The authors concluded that exercise had a medium effect on depression. It is impossible to know how a "medium" effect compares to drug therapy since the studies were not head-to-head comparisons. The study also reported that exercise benefited lots of other health conditions, including HIV or kidney disease, various mental disorders, and cancers. Furthermore, any level of exercise was effective! If this sounds too good to be true, it is.

One point often ignored in recent media accounts is that the benefits of exercise described in these studies decreased over time. The authors also noted that patients who exercised less often each week reported greater benefits than patients who exercised more often each week. This is the exact opposite of the typical dose-benefit relationship that should be observed. When a treatment works well for many conditions, and the benefits wear off over time or do not show a dose-response relationship, you are witnessing the placebo effect. The problem is that it is impossible to control for the placebo effect in exercise studies; the control subjects are well aware that they are not exercising.
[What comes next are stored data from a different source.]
(* Let $(\Omega,\mathcal F)$ be a measurable space with $\Sigma\neq\emptyset$, $\nu$ a finite measure on it, and $\mu$ a finite measure with $\mu\ll\nu$. Let $F_\mu(y)=\nu(\{\omega:\frac{d\mu}{d\nu}(\omega)\le y\})$ ($y\ge0$), $v_\mu(A)=\int_0^\infty\min(\nu(\Omega)-F_\mu(z),\nu(A))\,dz$, $I_{\mu,y}=\{\omega:\frac{d\mu}{d\nu}(\omega)>y\}$, and $\mathcal I_\mu=\{\emptyset,\Omega\}\cup\{I_{\mu,y}\mid y\ge0\}$. Assume $\mathcal I_\mu\in\Sigma$ and that the image of $F_\mu$ contains the image of $\nu$ (i.e. $\{\nu(A):A\in\mathcal F\}\subset\{F_\mu(y):y\ge0\}$). Then for every non-negative measurable $f:\Omega\to[0,\infty)$ that is comonotone with $\frac{d\mu}{d\nu}$, $$v_\mu(f)=\int_\Omega f\,d\mu=\sup\Big\{\int_\Omega f\,d\mu'\ \Big|\ \mu'\text{ a finite measure},\ \mu'\ll\nu,\ F_{\mu'}=F_\mu\Big\},$$ where $v_\mu(f)=\int_0^\infty v_\mu(\{\omega:f(\omega)>z\})\,dz$.
   Context: $\Sigma$ denotes the set of all classes $\mathcal I\subset\mathcal F$ that are chains (totally ordered by inclusion), contain $\emptyset$ and $\Omega$, and generate $\mathcal F$ as a $\sigma$-algebra. $\frac{d\mu}{d\nu}$ is the non-negative Radon–Nikodym derivative; $F_{\mu'}$ is defined from $\mu'$ like $F_\mu$. Two functions $f,g:\Omega\to\mathbb R$ are comonotone if the family $\{\{f\le z\}: z\in\mathbb R\}\cup\{\{g\le z\}:z\in\mathbb R\}$ is a chain under inclusion. *)

From HB Require Import structures.
From mathcomp Require Import all_boot all_order all_algebra.
From mathcomp Require Import all_classical all_reals all_analysis.
Set Implicit Arguments. Unset Strict Implicit. Unset Printing Implicit Defensive.
Import Order.TTheory GRing.Theory Num.Theory.
Local Open Scope classical_set_scope.
Local Open Scope ring_scope.

Definition is_chain (T : Type) (C : set (set T)) : Prop :=
  forall A B, C A -> C B -> A `<=` B \/ B `<=` A.

Definition Sigma_class d (T : measurableType d) : set (set (set T)) :=
  [set I | I `<=` measurable /\ is_chain I /\ I set0 /\ I setT /\
           <<s I >> = @measurable d T].

Definition is_density d (T : measurableType d) (R : realType)
  (mu nu : set T -> \bar R) (g : T -> R) : Prop :=
  measurable_fun setT g /\ (forall x, 0 <= g x) /\
  forall A, measurable A -> mu A = (\int[nu]_(x in A) (g x)%:E)%E.

Definition Fdist d (T : measurableType d) (R : realType)
  (nu : set T -> \bar R) (g : T -> R) (y : R) : \bar R :=
  nu [set x | g x <= y].

Definition Iset d (T : measurableType d) (R : realType) (g : T -> R) (y : R)
  : set T := [set x | y < g x].

Definition Iclass d (T : measurableType d) (R : realType) (g : T -> R)
  : set (set T) :=
  [set A | A = set0 \/ A = setT \/ exists2 y, 0 <= y & A = Iset g y].

Definition vmu_set d (T : measurableType d) (R : realType)
  (nu : set T -> \bar R) (g : T -> R) (A : set T) : \bar R :=
  (\int[@lebesgue_measure R]_(z in [set z : R | (0 <= z)%R])
      Order.min (nu setT - Fdist nu g z) (nu A))%E.

Definition vmu_fun d (T : measurableType d) (R : realType)
  (nu : set T -> \bar R) (g : T -> R) (f : T -> R) : \bar R :=
  (\int[@lebesgue_measure R]_(z in [set z : R | (0 <= z)%R])
      vmu_set nu g [set x | (z < f x)%R])%E.

Definition comonotone (T : Type) (R : realType) (f g : T -> R) : Prop :=
  is_chain [set A | exists z : R,
                      A = [set x | f x <= z] \/ A = [set x | g x <= z]].

(** By the layer-cake formula, [\int f dmu = \int_0^oo mu {f > z} dz], and for a
    density [g] of [mu], [mu A = \int_0^oo nu (A `&` {g > t}) dt].  Always
    [nu (A `&` {g > t}) <= min (nu {g > t}) (nu A) = min (nu Omega - F_mu t) (nu A)],
    with equality when [A] and [{g > t}] are nested.  Hence [v_mu A] bounds
    [mu' A] for every [mu'] with [F_mu' = F_mu], and equals [mu A] for the sets
    [A = {f > z}], which comonotonicity nests with the [{g > t}].  Integrating
    over [z] gives both equalities. *)
From HB Require Import structures.
From mathcomp Require Import all_boot all_order all_algebra.
From mathcomp Require Import all_classical all_reals all_analysis.
Import Order.TTheory GRing.Theory Num.Theory.
Import measurable_realfun.
Local Open Scope classical_set_scope.
Local Open Scope ring_scope.

Lemma measurable_ge0 (R : realType) : measurable [set t : R | 0 <= t].
Proof. by rewrite -set_itvcy; exact: measurable_itv. Qed.

Lemma measureI_le_min d (T : measurableType d) (R : realType)
    (m : {measure set T -> \bar R}) (A B : set T) :
  measurable A -> measurable B -> (m (A `&` B) <= Order.min (m A) (m B))%E.
Proof. by move=> mA mB; rewrite le_min measureIl ?measureIr. Qed.

Lemma measureI_chain d (T : measurableType d) (R : realType)
    (m : {measure set T -> \bar R}) (A B : set T) :
  measurable A -> measurable B -> A `<=` B \/ B `<=` A ->
  m (A `&` B) = Order.min (m A) (m B).
Proof.
move=> mA mB [AB|BA].
  by rewrite setIidl// min_l// le_measure ?inE.
by rewrite setIidr// min_r// le_measure ?inE.
Qed.

Lemma comonotone_superlevel (T : Type) (R : realType) (f g : T -> R) z t :
  comonotone f g ->
  [set x | z < f x] `<=` [set x | t < g x] \/
  [set x | t < g x] `<=` [set x | z < f x].
Proof.
move=> fg.
have superlevelE (h : T -> R) s : [set x | s < h x] = ~` [set x | h x <= s].
  by apply/seteqP; split=> x /=; rewrite ltNge => /negP.
rewrite !superlevelE.
have [fg'|gf'] := fg [set x | f x <= z] [set x | g x <= t]
  (ex_intro _ z (or_introl erefl)) (ex_intro _ t (or_intror erefl)).
- by right; exact: subsetC.
- by left; exact: subsetC.
Qed.

Section superlevel_sets.
Context d (T : measurableType d) (R : realType) (h : T -> R).
Hypothesis mh : measurable_fun setT h.

Lemma measurable_superlevel t : measurable [set x | t < h x].
Proof.
rewrite (_ : [set x | t < h x] = setT `&` h @^-1` `]t, +oo[%classic).
  exact: mh.
by apply/seteqP; split=> x /=; rewrite in_itv/= andbT // => -[].
Qed.

Lemma measurable_sublevel t : measurable [set x | h x <= t].
Proof.
rewrite (_ : [set x | h x <= t] = setT `&` h @^-1` `]-oo, t]%classic).
  exact: mh.
by apply/seteqP; split=> x /=; rewrite in_itv// => -[].
Qed.

Lemma measure_superlevel (m : {finite_measure set T -> \bar R}) t :
  m [set x | t < h x] = (m setT - Fdist m h t)%E.
Proof.
rewrite /Fdist -[in RHS](setTI [set x | h x <= t]) -measureD//; last first.
- by rewrite ltey_eq fin_num_measure.
- exact: measurable_sublevel.
congr (m _); apply/seteqP; split=> x /=.
  by move=> tx; split=> //; apply/negP; rewrite -ltNge.
by case=> _ /negP; rewrite -ltNge.
Qed.

End superlevel_sets.

Section layer_cake.
Local Open Scope ereal_scope.
Context d (T : measurableType d) (R : realType).
Variables (m : {sigma_finite_measure set T -> \bar R}) (h : T -> R).
Hypotheses (mh : measurable_fun setT h) (h0 : forall x, (0 <= h x)%R).

(* Tonelli on the region under the graph of [h]: its fibre over [x] has length
   [h x], its section at height [t >= 0] is [{h > t}]. *)
Let subgraph := [set p : T * R | (0 <= p.2)%R /\ (p.2 < h p.1)%R].

Let measurable_subgraph : measurable subgraph.
Proof.
rewrite (_ : subgraph =
    setT `&` (fun p : T * R => (0 <= p.2)%R && (p.2 < h p.1)%R) @^-1` [set true]).
  apply: measurable_and => //.
    by apply: measurable_fun_ler => //; exact: measurable_snd.
  by apply: measurable_fun_ltr; [exact: measurable_snd | exact: measurableT_comp].
by apply/seteqP; split=> p /=; [case=> -> -> | case=> _ /andP].
Qed.

Let subgraph_fiber x :
  \int[lebesgue_measure]_t (EFin \o \1_subgraph) (x, t) = (h x)%:E.
Proof.
transitivity (\int[lebesgue_measure]_t (\1_(`[0%R, h x[%classic) t)%:E).
  apply: eq_integral => t _; rewrite /= !indicE.
  rewrite (_ : ((x, t) \in subgraph) = (t \in `[0%R, h x[%classic))//.
  by apply/idP/idP; rewrite !inE /= in_itv/=; [case=> -> -> | move/andP].
rewrite integral_indic// setIT.
have /= -> := lebesgue_measure_itv `[0%R, h x[; rewrite lte_fin.
have [hx|] := ltP 0%R (h x); first by rewrite oppr0 adde0.
by rewrite le_eqVlt ltNge h0 orbF => /eqP ->.
Qed.

Let subgraph_section t :
  fubini_G m (EFin \o \1_subgraph) t =
  if (0 <= t)%R then m [set x | (t < h x)%R] else 0.
Proof.
rewrite /fubini_G; case: ifPn => t0.
  transitivity (\int[m]_x (\1_[set x | (t < h x)%R] x)%:E); last first.
    by rewrite integral_indic ?setIT//; exact: measurable_superlevel.
  apply: eq_integral => x _; rewrite /= !indicE.
  rewrite (_ : ((x, t) \in subgraph) = (x \in [set x | (t < h x)%R]))//.
  by apply/idP/idP; rewrite !inE /subgraph /=; [case | move=> ?; split].
rewrite -(integral0 m setT); apply: eq_integral => x _.
by rewrite /= indicE memNset //= /subgraph /=; case=> /[swap] _; apply/negP.
Qed.

Lemma measurable_measure_superlevel :
  measurable_fun [set t : R | (0 <= t)%R] (fun t => m [set x | (t < h x)%R]).
Proof.
apply: (eq_measurable_fun (fubini_G m (EFin \o \1_subgraph))).
  by move=> t; rewrite inE /= => t0; rewrite subgraph_section t0.
exact: measurable_funS (indic_measurable_fun_fubini_tonelli_G m measurable_subgraph).
Qed.

Lemma layer_cake : \int[m]_x (h x)%:E =
  \int[lebesgue_measure]_(t in [set t : R | (0 <= t)%R]) m [set x | (t < h x)%R].
Proof.
transitivity (\int[m]_x \int[lebesgue_measure]_t (EFin \o \1_subgraph) (x, t)).
  by apply: eq_integral => x _; rewrite subgraph_fiber.
rewrite fubini_tonelli; first last.
- by move=> p; rewrite lee_fin.
- by apply/measurable_EFinP; exact: measurable_indic.
rewrite [RHS]integral_mkcond; apply: eq_integral => t _.
rewrite patchE -/(fubini_G m (EFin \o \1_subgraph) t) subgraph_section.
have [t0|t0] := boolP (0 <= t)%R; first by rewrite mem_set.
by rewrite memNset//; exact/negP.
Qed.

End layer_cake.

Section layer_cake_in.
Local Open Scope ereal_scope.
Context d (T : measurableType d) (R : realType).
Variables (m : {sigma_finite_measure set T -> \bar R}) (g : T -> R) (A : set T).
Hypotheses (mg : measurable_fun setT g) (g0 : forall x, (0 <= g x)%R).
Hypothesis mA : measurable A.

Let gA x := (g x * \1_A x)%R.

Let measurable_gA : measurable_fun setT gA.
Proof. by apply: measurable_funM => //; exact: measurable_indic. Qed.

Let gA_ge0 x : (0 <= gA x)%R.
Proof. by rewrite /gA indicE mulr_ge0. Qed.

Let superlevel_gA t : (0 <= t)%R ->
  [set x | (t < gA x)%R] = A `&` [set x | (t < g x)%R].
Proof.
move=> t0; apply/seteqP; split=> x /=; rewrite /gA indicE.
  case: (boolP (x \in A)) => xA; rewrite ?mulr1 ?mulr0.
    by move=> tx; split=> //; rewrite -inE.
  by move=> /(le_lt_trans t0); rewrite ltxx.
by case=> xA; rewrite mem_set// mulr1.
Qed.

Lemma layer_cake_in : \int[m]_(x in A) (g x)%:E =
  \int[lebesgue_measure]_(t in [set t : R | (0 <= t)%R])
    m (A `&` [set x | (t < g x)%R]).
Proof.
transitivity (\int[m]_x (gA x)%:E).
  rewrite integral_mkcond; apply: eq_integral => x _.
  by rewrite patchE /gA indicE; case: ifPn; rewrite ?mulr1 ?mulr0.
rewrite layer_cake//; apply: eq_integral => t; rewrite inE => t0.
by rewrite superlevel_gA.
Qed.

Lemma measurable_measure_superlevelI : measurable_fun [set t : R | (0 <= t)%R]
  (fun t => m (A `&` [set x | (t < g x)%R])).
Proof.
apply: (eq_measurable_fun (fun t : R => m [set x | (t < gA x)%R])).
  by move=> t; rewrite inE => t0; rewrite superlevel_gA.
exact: measurable_measure_superlevel.
Qed.

End layer_cake_in.

Section vmu_set.
Local Open Scope ereal_scope.
Context d (T : measurableType d) (R : realType).
Variables (nu : {finite_measure set T -> \bar R}) (g : T -> R).
Hypotheses (mg : measurable_fun setT g) (g0 : forall x, (0 <= g x)%R).

Lemma le_vmu_set (g' : T -> R) (A : set T) :
  measurable_fun setT g' -> (forall x, (0 <= g' x)%R) ->
  (forall t, (0 <= t)%R -> Fdist nu g' t = Fdist nu g t) -> measurable A ->
  \int[nu]_(x in A) (g' x)%:E <= vmu_set nu g A.
Proof.
move=> mg' g'0 Fg' mA; rewrite layer_cake_in//; apply: ge0_le_integral.
- exact: measurable_ge0.
- by move=> t _; exact: measure_ge0.
- exact: measurable_measure_superlevelI.
- apply: (eq_measurable_fun
      (fun t : R => Order.min (nu [set x | (t < g x)%R]) (nu A))).
    by move=> t _; rewrite measure_superlevel.
  by apply: measurable_mine => //; exact: measurable_measure_superlevel.
- move=> t t0; rewrite -Fg'// -measure_superlevel// setIC.
  by apply: measureI_le_min => //; exact: measurable_superlevel.
Qed.

Lemma vmu_set_chain (A : set T) : measurable A ->
  (forall t, (0 <= t)%R ->
     A `<=` [set x | (t < g x)%R] \/ [set x | (t < g x)%R] `<=` A) ->
  \int[nu]_(x in A) (g x)%:E = vmu_set nu g A.
Proof.
move=> mA Ag; rewrite layer_cake_in//; apply: eq_integral => t; rewrite inE => t0.
rewrite measureI_chain//; first by rewrite -measure_superlevel// minC.
- exact: measurable_superlevel.
- exact: Ag.
Qed.

End vmu_set.

Theorem theorem14 (d : measure_display) (T : measurableType d) (R : realType)
  (nu : {finite_measure set T -> \bar R})
  (mu : {finite_measure set T -> \bar R})
  (g : T -> R) :
  @Sigma_class d T !=set0 ->
  mu `<< nu ->
  is_density mu nu g ->
  @Sigma_class d T (Iclass g) ->
  (forall A, measurable A -> exists2 y : R, 0 <= y & nu A = Fdist nu g y) ->
  forall f : T -> R, measurable_fun setT f -> (forall x, 0 <= f x) ->
  comonotone f g ->
  vmu_fun nu g f = (\int[mu]_x (f x)%:E)%E /\
  (\int[mu]_x (f x)%:E)%E =
    ereal_sup [set (\int[mu']_x (f x)%:E)%E |
               mu' in [set mu' : {finite_measure set T -> \bar R} |
                       mu' `<< nu /\
                       exists g' : T -> R, is_density mu' nu g' /\
                         forall y : R, 0 <= y -> Fdist nu g' y = Fdist nu g y]].
Proof.
move=> _ mu_nu [mg [g0 mu_g]] _ _ f mf f0 fg.
have mu_vmu z : mu [set x | z < f x] = vmu_set nu g [set x | z < f x].
  rewrite mu_g; last exact: measurable_superlevel.
  apply: vmu_set_chain => //; first exact: measurable_superlevel.
  by move=> t _; exact: comonotone_superlevel.
split.
  by rewrite layer_cake//; apply: eq_integral => z _; exact/esym/mu_vmu.
apply/eqP; rewrite eq_le; apply/andP; split.
  by apply: ereal_sup_ubound; exists mu => //; split=> //; exists g.
apply: ge_ereal_sup => _ [mu' [_ [g' [[mg' [g'0 mu'_g']] Fg']]] <-].
have mu'_le_mu z : (mu' [set x | (z < f x)%R] <= mu [set x | (z < f x)%R])%E.
  rewrite mu_vmu mu'_g'; last exact: measurable_superlevel.
  by apply: le_vmu_set => //; exact: measurable_superlevel.
rewrite !layer_cake//; apply: ge0_le_integral.
- exact: measurable_ge0.
- by move=> z _; exact: measure_ge0.
- exact: measurable_measure_superlevel.
- exact: measurable_measure_superlevel.
- by move=> z _; exact: mu'_le_mu.
Qed.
Past studies of the benefits of exercise have numerous fatal flaws that undermine confidence in their results. Previous studies have varied widely in size, type of control group, methodological rigor, length of follow-up, and even the type of exercise modality. Randomized exercise trials have generally ranged in length from six weeks to four months and typically emphasized aerobic exercise, although some studies on resistance training have also been conducted. The many differences in study design have contributed to the current level of confusion and misunderstandings about the benefits of exercise on depression.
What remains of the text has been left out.